Exercise prompt:
Look for the word "gtrDl" in the entries and copy each line where it appears.

** Opening Input records block **

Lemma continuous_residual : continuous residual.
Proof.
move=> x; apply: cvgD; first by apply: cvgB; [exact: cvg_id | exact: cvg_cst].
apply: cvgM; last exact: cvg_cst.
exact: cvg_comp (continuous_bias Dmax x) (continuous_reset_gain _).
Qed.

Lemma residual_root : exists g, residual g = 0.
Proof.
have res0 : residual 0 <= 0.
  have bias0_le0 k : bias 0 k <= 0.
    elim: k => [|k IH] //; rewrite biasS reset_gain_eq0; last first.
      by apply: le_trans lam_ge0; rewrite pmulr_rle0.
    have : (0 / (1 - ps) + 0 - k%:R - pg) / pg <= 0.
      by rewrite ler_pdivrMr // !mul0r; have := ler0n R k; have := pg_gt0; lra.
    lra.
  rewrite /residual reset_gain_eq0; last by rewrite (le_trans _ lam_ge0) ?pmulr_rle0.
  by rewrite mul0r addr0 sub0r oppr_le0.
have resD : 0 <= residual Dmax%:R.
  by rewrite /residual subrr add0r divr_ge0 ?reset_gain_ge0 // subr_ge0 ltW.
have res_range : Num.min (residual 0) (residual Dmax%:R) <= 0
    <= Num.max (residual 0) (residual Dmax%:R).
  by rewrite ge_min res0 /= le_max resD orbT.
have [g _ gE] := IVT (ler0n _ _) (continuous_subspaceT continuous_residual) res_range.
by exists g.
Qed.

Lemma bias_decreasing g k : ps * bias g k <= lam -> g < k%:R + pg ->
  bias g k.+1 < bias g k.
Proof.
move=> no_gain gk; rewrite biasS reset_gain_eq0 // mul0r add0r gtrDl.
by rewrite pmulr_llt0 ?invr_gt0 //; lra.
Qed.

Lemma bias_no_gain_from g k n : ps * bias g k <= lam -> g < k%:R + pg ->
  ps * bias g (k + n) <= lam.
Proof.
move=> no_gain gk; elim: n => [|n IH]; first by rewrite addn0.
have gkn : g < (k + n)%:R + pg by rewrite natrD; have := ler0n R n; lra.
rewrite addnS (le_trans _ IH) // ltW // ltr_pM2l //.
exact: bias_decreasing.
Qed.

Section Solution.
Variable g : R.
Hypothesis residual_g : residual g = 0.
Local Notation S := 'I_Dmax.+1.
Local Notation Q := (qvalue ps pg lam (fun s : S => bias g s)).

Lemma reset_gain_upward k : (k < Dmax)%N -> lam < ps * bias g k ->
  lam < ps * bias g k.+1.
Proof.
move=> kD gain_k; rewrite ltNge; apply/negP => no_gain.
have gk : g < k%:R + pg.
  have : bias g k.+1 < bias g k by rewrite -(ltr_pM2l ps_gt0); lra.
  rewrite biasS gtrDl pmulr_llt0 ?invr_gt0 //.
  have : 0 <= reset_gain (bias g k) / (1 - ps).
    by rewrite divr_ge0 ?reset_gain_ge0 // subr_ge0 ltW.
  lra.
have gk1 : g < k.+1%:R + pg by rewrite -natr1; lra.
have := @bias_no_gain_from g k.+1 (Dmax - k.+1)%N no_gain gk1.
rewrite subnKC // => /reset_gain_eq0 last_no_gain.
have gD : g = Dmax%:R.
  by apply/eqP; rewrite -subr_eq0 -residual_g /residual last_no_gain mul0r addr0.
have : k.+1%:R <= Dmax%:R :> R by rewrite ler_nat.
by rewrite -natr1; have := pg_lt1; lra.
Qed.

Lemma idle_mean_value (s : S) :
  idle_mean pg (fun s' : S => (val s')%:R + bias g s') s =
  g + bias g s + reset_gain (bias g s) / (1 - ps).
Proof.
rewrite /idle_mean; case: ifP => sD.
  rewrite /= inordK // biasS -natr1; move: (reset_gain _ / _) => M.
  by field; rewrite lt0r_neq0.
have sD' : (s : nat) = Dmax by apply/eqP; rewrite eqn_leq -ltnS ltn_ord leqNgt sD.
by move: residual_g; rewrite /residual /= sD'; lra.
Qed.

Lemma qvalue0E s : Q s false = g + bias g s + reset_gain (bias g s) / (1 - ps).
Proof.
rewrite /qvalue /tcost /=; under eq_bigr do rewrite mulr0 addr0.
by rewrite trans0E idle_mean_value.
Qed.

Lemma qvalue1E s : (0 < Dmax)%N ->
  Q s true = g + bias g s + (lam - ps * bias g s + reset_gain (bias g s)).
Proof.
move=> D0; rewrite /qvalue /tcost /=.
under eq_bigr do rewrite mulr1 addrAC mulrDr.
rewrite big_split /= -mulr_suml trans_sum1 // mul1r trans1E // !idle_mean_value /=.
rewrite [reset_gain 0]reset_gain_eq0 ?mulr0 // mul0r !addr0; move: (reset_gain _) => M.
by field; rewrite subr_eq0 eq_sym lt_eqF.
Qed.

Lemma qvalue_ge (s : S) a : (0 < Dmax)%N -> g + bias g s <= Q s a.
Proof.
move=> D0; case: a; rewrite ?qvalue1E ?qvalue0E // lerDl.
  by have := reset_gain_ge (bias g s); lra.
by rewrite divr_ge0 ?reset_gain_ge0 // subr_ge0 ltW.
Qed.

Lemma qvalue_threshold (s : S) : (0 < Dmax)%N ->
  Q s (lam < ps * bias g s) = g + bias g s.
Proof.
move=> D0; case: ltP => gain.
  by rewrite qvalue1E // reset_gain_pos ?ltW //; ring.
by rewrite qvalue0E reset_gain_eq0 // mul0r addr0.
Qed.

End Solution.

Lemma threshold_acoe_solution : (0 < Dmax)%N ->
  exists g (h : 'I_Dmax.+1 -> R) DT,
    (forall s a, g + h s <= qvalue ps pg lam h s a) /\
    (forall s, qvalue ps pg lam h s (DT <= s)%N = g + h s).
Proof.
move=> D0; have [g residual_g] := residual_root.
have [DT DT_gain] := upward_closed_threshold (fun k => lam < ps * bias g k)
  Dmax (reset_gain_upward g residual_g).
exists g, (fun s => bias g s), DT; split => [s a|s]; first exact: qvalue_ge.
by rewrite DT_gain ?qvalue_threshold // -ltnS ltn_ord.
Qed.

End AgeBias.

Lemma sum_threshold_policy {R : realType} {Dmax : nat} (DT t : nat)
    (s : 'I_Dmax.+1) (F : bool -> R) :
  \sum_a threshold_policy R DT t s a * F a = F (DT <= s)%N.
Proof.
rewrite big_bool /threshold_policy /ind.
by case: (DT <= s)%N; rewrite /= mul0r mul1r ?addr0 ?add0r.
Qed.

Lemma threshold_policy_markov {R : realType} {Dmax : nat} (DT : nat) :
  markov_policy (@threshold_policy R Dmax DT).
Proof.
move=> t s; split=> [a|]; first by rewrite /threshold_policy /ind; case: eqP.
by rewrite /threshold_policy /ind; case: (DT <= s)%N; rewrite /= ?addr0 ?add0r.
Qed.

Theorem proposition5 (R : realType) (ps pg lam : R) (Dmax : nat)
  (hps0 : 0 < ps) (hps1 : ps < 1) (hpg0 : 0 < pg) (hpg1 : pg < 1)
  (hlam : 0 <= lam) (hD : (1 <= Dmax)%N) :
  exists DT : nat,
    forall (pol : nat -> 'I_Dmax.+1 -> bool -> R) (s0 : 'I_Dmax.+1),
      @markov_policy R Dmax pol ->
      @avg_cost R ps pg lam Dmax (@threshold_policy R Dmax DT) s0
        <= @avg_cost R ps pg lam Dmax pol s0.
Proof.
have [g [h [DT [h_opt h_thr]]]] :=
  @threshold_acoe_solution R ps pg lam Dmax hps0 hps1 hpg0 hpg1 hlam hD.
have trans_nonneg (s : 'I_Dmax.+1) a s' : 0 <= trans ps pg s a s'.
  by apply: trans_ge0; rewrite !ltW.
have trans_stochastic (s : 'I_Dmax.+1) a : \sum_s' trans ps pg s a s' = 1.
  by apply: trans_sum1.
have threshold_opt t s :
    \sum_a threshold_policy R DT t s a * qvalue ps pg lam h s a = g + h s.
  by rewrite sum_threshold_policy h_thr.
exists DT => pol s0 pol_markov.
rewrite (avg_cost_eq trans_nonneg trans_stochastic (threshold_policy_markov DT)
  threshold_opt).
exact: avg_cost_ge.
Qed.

** Closing Input records block **

Reply to the task:
move=> no_gain gk; rewrite biasS reset_gain_eq0 // mul0r add0r gtrDl.
  rewrite biasS gtrDl pmulr_llt0 ?invr_gt0 //.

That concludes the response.